There were few economic reports from the United States last week. The trade report did show a 1.0 percent rise in exports in November and a 3.8 percent jump in imports, suggesting a growing economy.
In the euro area, a report from the European Commission showed that its economic sentiment indicator rose to 87.0 in December from 85.7 in November. This was its second consecutive month of improvement.
In China, exports jumped 14.1 percent in December from the previous year, well up from 2.9 percent in November, while imports grew 6.0 percent in December after having been flat the previous month. However, new local currency loans by banks fell to 454.3 billion yuan in December from 522.9 billion yuan in November.

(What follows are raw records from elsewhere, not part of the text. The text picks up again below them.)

(* Under the hypotheses of the arrival-bound lemma (all $\lambda_j>0$, $\min_j\lambda_j\Gamma\ge e^{2e}$, $|\sum_{i=1}^kU^j_i-\lambda_j^{-1}k|\le\Gamma\phi(k)$ for all $k\ge1$, $j$), let $P\in\{0,1\}^{J\times J}$ have row sums in $\{0,1\}$ and $P^N=0$ for some $N$, and set $\bar\lambda=(I-P^T)^{-1}\lambda$, $\bar A(t)=(I-P^T)^{-1}A(t)$. Then for every $t\ge\max_j\big(\lambda_j^{-1}e^e,\lambda_j^{-1}+3\lambda_j^{-1}\lambda_{\max}^2\Gamma^2\big)$ and every $j$, $$\phi(\bar A_j(t))\le\big(2+6\lambda_{\max}^2\Gamma^2\big)^{1/2}\phi(\bar\lambda_jt).$$
   Context: $\phi(x)=\sqrt{x\ln\ln x}$ for $x\ge e^e$, $\phi(x)=1$ otherwise. $A_j(t)=\max\{k\ge0:\sum_{i=1}^kU^j_i\le t\}$, $A(t)=(A_j(t))_j$, $\lambda=(\lambda_j)_j$, $\lambda_{\max}=\max_j\lambda_j$. *)

From Stdlib Require Import Reals.
Open Scope R_scope.

Definition phi (x : R) : R :=
  if Rle_dec (exp (exp 1)) x then sqrt (x * ln (ln x)) else 1.

Fixpoint sum_to (n : nat) (f : nat -> R) : R :=
  match n with
  | O => 0
  | S m => sum_to m f + f m
  end.

(* Partial sums  sum_{i=1}^k U_i  of a sequence indexed from 1 *)
Definition psum (U : nat -> R) (k : nat) : R := sum_to k (fun i => U (S i)).

Definition is_arrival_count (U : nat -> R) (t : R) (k : nat) : Prop :=
  psum U k <= t /\ (forall k' : nat, psum U k' <= t -> (k' <= k)%nat).

(* J x J matrices over indices 0..J-1, represented as functions *)
Definition ident (i k : nat) : R := if Nat.eqb i k then 1 else 0.
Definition matmul (J : nat) (A B : nat -> nat -> R) (i k : nat) : R :=
  sum_to J (fun l => A i l * B l k).
Fixpoint matpow (J : nat) (P : nat -> nat -> R) (n : nat) : nat -> nat -> R :=
  match n with
  | O => ident
  | S m => matmul J (matpow J P m) P
  end.

Definition I_minus_PT (J : nat) (P : nat -> nat -> R) (x : nat -> R) (j : nat) : R :=
  x j - sum_to J (fun k => P k j * x k).

Fixpoint max_to (n : nat) (l : nat -> R) : R :=
  match n with
  | O => 0
  | S m => Rmax (max_to m l) (l m)
  end.

From Stdlib Require Import Reals Lra Lia Psatz.
Open Scope R_scope.

(* The arrival counts bound themselves: A_j(t) <= lambda_j t + lambda_j Gamma phi(A_j(t)).
   Since ln ln a < 2 sqrt a, AM-GM turns this into a quadratic inequality in sqrt(A_j(t)),
   whence A_j(t) <= alpha lambda_j t with alpha = 1 + 3 lambda_max^2 Gamma^2.  As P is
   nonnegative and nilpotent, (I - P^T)^{-1} = sum_n (P^T)^n is a nonnegative matrix, so the
   bound passes to Abar <= alpha t lbar.  Finally phi grows by at most a factor sqrt(2 alpha)
   under a dilation by alpha <= y, because ln ln (alpha y) <= ln ln (y^2) <= 2 ln ln y. *)

Lemma ln_le_ln x y : 0 < x -> x <= y -> ln x <= ln y.
Proof.
  intros Hx [Hxy | ->]; [left; exact (ln_increasing _ _ Hx Hxy) | lra].
Qed.

Lemma ln_le_sub_1 x : 0 < x -> ln x <= x - 1.
Proof. intros Hx; pose proof (exp_ineq1_le (ln x)); rewrite exp_ln in *; lra. Qed.

Lemma exp_1_gt_2 : 2 < exp 1.
Proof. pose proof (exp_ineq1 1); lra. Qed.

Lemma le_mul_of_inv_mul_le l b t : 0 < l -> / l * b <= t -> b <= l * t.
Proof.
  intros Hl Hb; apply Rmult_le_compat_l with (r := l) in Hb; [| lra].
  rewrite <- Rmult_assoc, Rinv_r, Rmult_1_l in Hb by lra; exact Hb.
Qed.

Lemma exp_1_le_ln x : exp (exp 1) <= x -> exp 1 <= ln x.
Proof.
  intros Hx; rewrite <- (ln_exp (exp 1)); apply ln_le_ln; [apply exp_pos | exact Hx].
Qed.

Lemma ln_ln_ge_1 x : exp (exp 1) <= x -> 1 <= ln (ln x).
Proof.
  intros Hx; pose proof exp_1_gt_2.
  rewrite <- (ln_exp 1); apply ln_le_ln; [lra | exact (exp_1_le_ln x Hx)].
Qed.

Lemma ln_ln_lt_2_sqrt x : exp (exp 1) <= x -> ln (ln x) < 2 * sqrt x.
Proof.
  intros Hx; pose proof (exp_1_le_ln x Hx); pose proof exp_1_gt_2.
  pose proof (exp_pos (exp 1)).
  assert (Hq : 0 < sqrt x) by (apply sqrt_lt_R0; lra).
  assert (Hlnx : ln x = 2 * ln (sqrt x)).
  { rewrite <- (sqrt_sqrt x) at 1 by lra; rewrite ln_mult by lra; ring. }
  pose proof (ln_le_sub_1 (ln x)); pose proof (ln_le_sub_1 (sqrt x) Hq); lra.
Qed.

Lemma ln_ln_sqr_le x : exp (exp 1) <= x -> ln (ln (x * x)) <= 2 * ln (ln x).
Proof.
  intros Hx; pose proof (exp_1_le_ln x Hx); pose proof (ln_ln_ge_1 x Hx).
  pose proof exp_1_gt_2; pose proof (exp_pos (exp 1)).
  rewrite ln_mult by lra; replace (ln x + ln x) with (2 * ln x) by ring.
  rewrite ln_mult by lra.
  pose proof (ln_le_sub_1 2); lra.
Qed.

Lemma phi_le_sqrt_scale alpha x y :
  1 <= alpha -> alpha <= y -> exp (exp 1) <= y -> x <= alpha * y ->
  phi x <= sqrt (2 * alpha) * phi y.
Proof.
  intros Ha Hay Hy Hx.
  pose proof (ln_ln_ge_1 y Hy) as Hly.
  assert (Hphiy : phi y = sqrt (y * ln (ln y))).
  { unfold phi; destruct Rle_dec; [reflexivity | lra]. }
  rewrite Hphiy, <- sqrt_mult_alt by lra.
  unfold phi at 1; destruct Rle_dec as [Hxe | _]; [| rewrite <- sqrt_1];
    apply sqrt_le_1_alt.
  - assert (Hlx : ln (ln x) <= 2 * ln (ln y)).
    { pose proof (exp_1_le_ln x Hxe); pose proof (exp_1_le_ln y Hy); pose proof exp_1_gt_2.
      pose proof (exp_pos (exp 1)).
      eapply Rle_trans; [| exact (ln_ln_sqr_le y Hy)].
      apply ln_le_ln; [lra |]; apply ln_le_ln; [lra | nra]. }
    pose proof (ln_ln_ge_1 x Hxe).
    apply Rle_trans with (alpha * y * ln (ln x)); [apply Rmult_le_compat_r; lra |].
    replace (2 * alpha * (y * ln (ln y))) with (alpha * y * (2 * ln (ln y))) by ring.
    apply Rmult_le_compat_l; nra.
  - assert (1 <= y * ln (ln y)) by nra.
    nra.
Qed.

Lemma le_of_le_add_phi kappa C s a :
  kappa ^ 2 <= C -> 2 <= C -> exp (exp 1) <= s -> 1 + 3 * C <= s ->
  (exp (exp 1) <= a -> a <= s + kappa * phi a) -> a <= (1 + 3 * C) * s.
Proof.
  intros HC HC2 Hs1 Hs2 Ha.
  destruct (Rle_dec (exp (exp 1)) a) as [Hae | Hae]; [| nra].
  specialize (Ha Hae); unfold phi in Ha; destruct Rle_dec as [_ | ]; [| lra].
  pose proof (ln_ln_ge_1 a Hae) as HL; pose proof (ln_ln_lt_2_sqrt a Hae) as HLq.
  pose proof (exp_pos (exp 1)).
  set (L := ln (ln a)) in *; set (q := sqrt a) in *.
  assert (Hq : q * q = a) by (apply sqrt_sqrt; lra).
  assert (Hr : sqrt L * sqrt L = L) by (apply sqrt_sqrt; lra).
  rewrite sqrt_mult_alt in Ha by lra; fold q in Ha.
  assert (Hamgm : kappa * (q * sqrt L) <= (a + kappa ^ 2 * L) / 2).
  { pose proof (pow2_ge_0 (q - kappa * sqrt L)); nra. }
  assert (Hq2 : q * q <= 2 * s + 2 * C * q) by nra.
  destruct (Rle_dec q (1 + 3 * C)) as [Hqs | Hqs].
  - pose proof (sqrt_pos a); nra.
  - nra.
Qed.

Lemma arrival_count_le_add_phi lam Gam U t n :
  0 < lam -> is_arrival_count U t n ->
  Rabs (psum U n - / lam * INR n) <= Gam * phi (INR n) ->
  INR n <= lam * t + lam * Gam * phi (INR n).
Proof.
  intros Hlam [Hn _] HU.
  pose proof (Rle_abs (- (psum U n - / lam * INR n))); rewrite Rabs_Ropp in *.
  replace (lam * Gam * phi (INR n)) with (lam * (Gam * phi (INR n))) by ring.
  rewrite <- Rmult_plus_distr_l; apply le_mul_of_inv_mul_le; lra.
Qed.

Lemma arrival_count_le lam lmax Gam U t n :
  0 < lam -> lam <= lmax -> exp (2 * exp 1) <= lam * Gam ->
  (forall k, (1 <= k)%nat -> Rabs (psum U k - / lam * INR k) <= Gam * phi (INR k)) ->
  is_arrival_count U t n ->
  / lam * exp (exp 1) <= t -> / lam + 3 * / lam * lmax ^ 2 * Gam ^ 2 <= t ->
  INR n <= (1 + 3 * (lmax ^ 2 * Gam ^ 2)) * (lam * t).
Proof.
  intros Hlam Hmax HlG HU Hn Ht1 Ht2.
  assert (HlG2 : 2 <= lam * Gam).
  { pose proof (exp_ineq1_le (2 * exp 1)); pose proof exp_1_gt_2; lra. }
  apply le_of_le_add_phi with (kappa := lam * Gam).
  - replace ((lam * Gam) ^ 2) with (lam ^ 2 * Gam ^ 2) by ring.
    apply Rmult_le_compat_r; [nra |]; apply pow_incr; lra.
  - assert (lam * Gam <= lmax * Gam) by (apply Rmult_le_compat_r; nra). nra.
  - exact (le_mul_of_inv_mul_le _ _ _ Hlam Ht1).
  - apply le_mul_of_inv_mul_le; [exact Hlam |]; apply Rle_trans with (2 := Ht2); right; ring.
  - intros Hne; apply (arrival_count_le_add_phi lam Gam U t n Hlam Hn), HU.
    destruct n; [simpl in Hne; pose proof (exp_pos (exp 1)); lra | lia].
Qed.

Lemma sum_to_ext n f g :
  (forall i, (i < n)%nat -> f i = g i) -> sum_to n f = sum_to n g.
Proof.
  induction n as [| n IH]; intros Hfg; simpl; [reflexivity |].
  rewrite IH, Hfg; [reflexivity | lia |].
  intros i Hi; apply Hfg; lia.
Qed.

Lemma sum_to_le n f g :
  (forall i, (i < n)%nat -> f i <= g i) -> sum_to n f <= sum_to n g.
Proof.
  induction n as [| n IH]; intros Hfg; simpl; [lra |].
  pose proof (IH (fun i Hi => Hfg i ltac:(lia))); pose proof (Hfg n ltac:(lia)); lra.
Qed.

Lemma sum_to_0 n : sum_to n (fun _ => 0) = 0.
Proof. induction n as [| n IH]; simpl; [| rewrite IH]; ring. Qed.

Lemma sum_to_add n f g : sum_to n (fun i => f i + g i) = sum_to n f + sum_to n g.
Proof. induction n as [| n IH]; simpl; [| rewrite IH]; ring. Qed.

Lemma sum_to_sub n f g : sum_to n (fun i => f i - g i) = sum_to n f - sum_to n g.
Proof. induction n as [| n IH]; simpl; [| rewrite IH]; ring. Qed.

Lemma sum_to_scal n c f : sum_to n (fun i => c * f i) = c * sum_to n f.
Proof. induction n as [| n IH]; simpl; [| rewrite IH]; ring. Qed.

Lemma sum_to_swap n m f :
  sum_to n (fun i => sum_to m (fun k => f i k)) = sum_to m (fun k => sum_to n (fun i => f i k)).
Proof.
  induction n as [| n IH]; simpl; [symmetry; apply sum_to_0 |].
  rewrite IH, <- sum_to_add; reflexivity.
Qed.

Lemma sum_to_ident n x j : (j < n)%nat -> sum_to n (fun k => ident k j * x k) = x j.
Proof.
  induction n as [| n IH]; intros Hj; [lia |]; simpl; unfold ident at 2.
  destruct (Nat.eqb_spec n j) as [-> | Hne].
  - rewrite (sum_to_ext _ _ (fun _ => 0)), sum_to_0; [ring |].
    intros i Hi; unfold ident; destruct (Nat.eqb_spec i j); [lia | ring].
  - rewrite IH by lia; ring.
Qed.

Lemma I_minus_PT_sub J P x y j :
  I_minus_PT J P (fun i => x i - y i) j = I_minus_PT J P x j - I_minus_PT J P y j.
Proof.
  unfold I_minus_PT.
  rewrite (sum_to_ext _ _ (fun k => P k j * x k - P k j * y k)), sum_to_sub by (intros; ring).
  ring.
Qed.

Lemma I_minus_PT_scal J P c x j :
  I_minus_PT J P (fun i => c * x i) j = c * I_minus_PT J P x j.
Proof.
  unfold I_minus_PT.
  rewrite (sum_to_ext _ _ (fun k => c * (P k j * x k))), sum_to_scal by (intros; ring).
  ring.
Qed.

Lemma sum_matmul_r J M P x j :
  sum_to J (fun k => matmul J M P k j * x k) =
  sum_to J (fun l => P l j * sum_to J (fun k => M k l * x k)).
Proof.
  unfold matmul.
  rewrite (sum_to_ext _ _ (fun k => sum_to J (fun l => P l j * M k l * x k))).
  - rewrite sum_to_swap; apply sum_to_ext; intros l _.
    rewrite <- sum_to_scal; apply sum_to_ext; intros; ring.
  - intros k _; rewrite Rmult_comm, <- sum_to_scal; apply sum_to_ext; intros; ring.
Qed.

Section NilpotentNonnegative.

Variables (J : nat) (P : nat -> nat -> R).
Hypothesis P_ge0 : forall i k, (i < J)%nat -> (k < J)%nat -> 0 <= P i k.

Lemma le_sum_matpow_of_I_minus_PT_nonpos x :
  (forall j, (j < J)%nat -> I_minus_PT J P x j <= 0) ->
  forall n j, (j < J)%nat -> x j <= sum_to J (fun k => matpow J P n k j * x k).
Proof.
  intros Hx n; induction n as [| n IH]; intros j Hj; simpl.
  - rewrite sum_to_ident by exact Hj; lra.
  - rewrite sum_matmul_r.
    apply Rle_trans with (sum_to J (fun k => P k j * x k)).
    + pose proof (Hx j Hj); unfold I_minus_PT in *; lra.
    + apply sum_to_le; intros l Hl; apply Rmult_le_compat_l; auto.
Qed.

Hypothesis P_nilpotent :
  exists N, forall i k, (i < J)%nat -> (k < J)%nat -> matpow J P N i k = 0.

Lemma I_minus_PT_nonpos x :
  (forall j, (j < J)%nat -> I_minus_PT J P x j <= 0) ->
  forall j, (j < J)%nat -> x j <= 0.
Proof.
  intros Hx j Hj; destruct P_nilpotent as [N HN].
  apply Rle_trans with (1 := le_sum_matpow_of_I_minus_PT_nonpos x Hx N j Hj).
  rewrite <- (sum_to_0 J); apply Req_le, sum_to_ext; intros k Hk; rewrite HN by assumption; ring.
Qed.

Lemma I_minus_PT_le_inv x y :
  (forall j, (j < J)%nat -> I_minus_PT J P x j <= I_minus_PT J P y j) ->
  forall j, (j < J)%nat -> x j <= y j.
Proof.
  intros Hxy j Hj.
  enough (x j - y j <= 0) by lra.
  apply (I_minus_PT_nonpos (fun i => x i - y i)); [| exact Hj].
  intros i Hi; rewrite I_minus_PT_sub; specialize (Hxy i Hi); lra.
Qed.

Lemma le_I_minus_PT_inv lam x :
  (forall j, (j < J)%nat -> 0 <= lam j) ->
  (forall j, (j < J)%nat -> I_minus_PT J P x j = lam j) ->
  forall j, (j < J)%nat -> lam j <= x j.
Proof.
  intros Hlam Hx j Hj.
  assert (Hx0 : forall k, (k < J)%nat -> 0 <= x k).
  { intros k Hk; replace 0 with (0 * x k) by ring.
    apply (I_minus_PT_le_inv (fun i => 0 * x i)); [| exact Hk].
    intros i Hi; rewrite I_minus_PT_scal, Hx by exact Hi; specialize (Hlam i Hi); lra. }
  assert (Hsum : 0 <= sum_to J (fun k => P k j * x k)).
  { rewrite <- (sum_to_0 J); apply sum_to_le; intros k Hk.
    apply Rmult_le_pos; auto. }
  specialize (Hx j Hj); unfold I_minus_PT in Hx; lra.
Qed.

End NilpotentNonnegative.

Lemma max_to_ge n l k : (k < n)%nat -> l k <= max_to n l.
Proof.
  induction n as [| n IH]; intros Hk; [lia |]; simpl.
  destruct (Nat.eq_dec k n) as [-> | Hne]; [apply Rmax_r |].
  apply Rle_trans with (max_to n l); [apply IH; lia | apply Rmax_l].
Qed.

Theorem mainTheorem8
  (J : nat) (lambda : nat -> R) (Gamma : R) (U : nat -> nat -> R)
  (P : nat -> nat -> R) (lbar : nat -> R) (A : nat -> R -> nat)
  (Abar : nat -> R) (t : R)
  (hlam : forall j, (j < J)%nat -> 0 < lambda j)
  (hGam : forall j, (j < J)%nat -> exp (2 * exp 1) <= lambda j * Gamma)
  (hU : forall j k, (j < J)%nat -> (1 <= k)%nat ->
          Rabs (psum (U j) k - / lambda j * INR k) <= Gamma * phi (INR k))
  (hP01 : forall i k, (i < J)%nat -> (k < J)%nat -> P i k = 0 \/ P i k = 1)
  (hProw : forall i, (i < J)%nat ->
          sum_to J (fun k => P i k) = 0 \/ sum_to J (fun k => P i k) = 1)
  (hPnil : exists N : nat, forall i k, (i < J)%nat -> (k < J)%nat ->
          matpow J P N i k = 0)
  (hlbar : forall j, (j < J)%nat -> I_minus_PT J P lbar j = lambda j)
  (hA : forall j, (j < J)%nat -> is_arrival_count (U j) t (A j t))
  (hAbar : forall j, (j < J)%nat -> I_minus_PT J P Abar j = INR (A j t))
  (ht : forall j, (j < J)%nat ->
          / lambda j * exp (exp 1) <= t /\
          / lambda j + 3 * / lambda j * (max_to J lambda) ^ 2 * Gamma ^ 2 <= t) :
  forall j, (j < J)%nat ->
    phi (Abar j) <=
      sqrt (2 + 6 * (max_to J lambda) ^ 2 * Gamma ^ 2) * phi (lbar j * t).
Proof.
  intros j Hj.
  set (c := max_to J lambda) in *; set (alpha := 1 + 3 * (c ^ 2 * Gamma ^ 2)).
  assert (P_ge0 : forall i k, (i < J)%nat -> (k < J)%nat -> 0 <= P i k).
  { intros i k Hi Hk; destruct (hP01 i k Hi Hk) as [-> | ->]; lra. }
  assert (hA_le : forall k, (k < J)%nat -> INR (A k t) <= alpha * (lambda k * t)).
  { intros k Hk; destruct (ht k Hk).
    apply (arrival_count_le _ _ Gamma (U k)); auto; apply max_to_ge, Hk. }
  assert (hAbar_le : Abar j <= alpha * t * lbar j).
  { apply (I_minus_PT_le_inv J P P_ge0 hPnil Abar (fun i => alpha * t * lbar i)); auto.
    intros i Hi; rewrite I_minus_PT_scal, hAbar, hlbar by exact Hi.
    specialize (hA_le i Hi); lra. }
  assert (lam_le_lbar : lambda j <= lbar j).
  { apply (le_I_minus_PT_inv J P P_ge0 hPnil lambda lbar); auto.
    intros i Hi; specialize (hlam i Hi); lra. }
  pose proof (hlam j Hj); destruct (ht j Hj) as [ht1 ht2].
  apply le_mul_of_inv_mul_le in ht1; [| assumption].
  assert (alpha <= lambda j * t).
  { apply le_mul_of_inv_mul_le; [assumption |].
    apply Rle_trans with (2 := ht2); right; unfold alpha; ring. }
  assert (lam_t_le : lambda j * t <= lbar j * t).
  { apply Rmult_le_compat_r; [pose proof (exp_pos (exp 1)); nra | exact lam_le_lbar]. }
  assert (0 <= c ^ 2 * Gamma ^ 2) by nra.
  replace (2 + 6 * c ^ 2 * Gamma ^ 2) with (2 * alpha) by (unfold alpha; ring).
  apply phi_le_sqrt_scale; unfold alpha in *; lra.
Qed.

Economic data from Japan were also mixed. The economy watchers survey showed that the diffusion index for current conditions jumped to 45.8 from 40.0 in November while the future conditions index surged to 51.0 from 41.9. However, the index of leading economic indicators fell 0.9 point in November while the index of coincident economic indicators fell 0.6 point in November, its eighth consecutive decline.
On the whole, though, global economic conditions look relatively benign, at least on the surface. Which is possibly why investors are getting back into equities. In the immediate aftermath of the US Congress producing an agreement to avert the so-called fiscal cliff, the MSCI All-Country World Index jumped 3.1 percent in the first week of 2013.
Data from EPFR Global showed that about $22 billion flowed into equity funds around the world in the first week of the year, the second-highest on record. Flows into emerging-market equity funds were at $7.4 billion, the highest on record.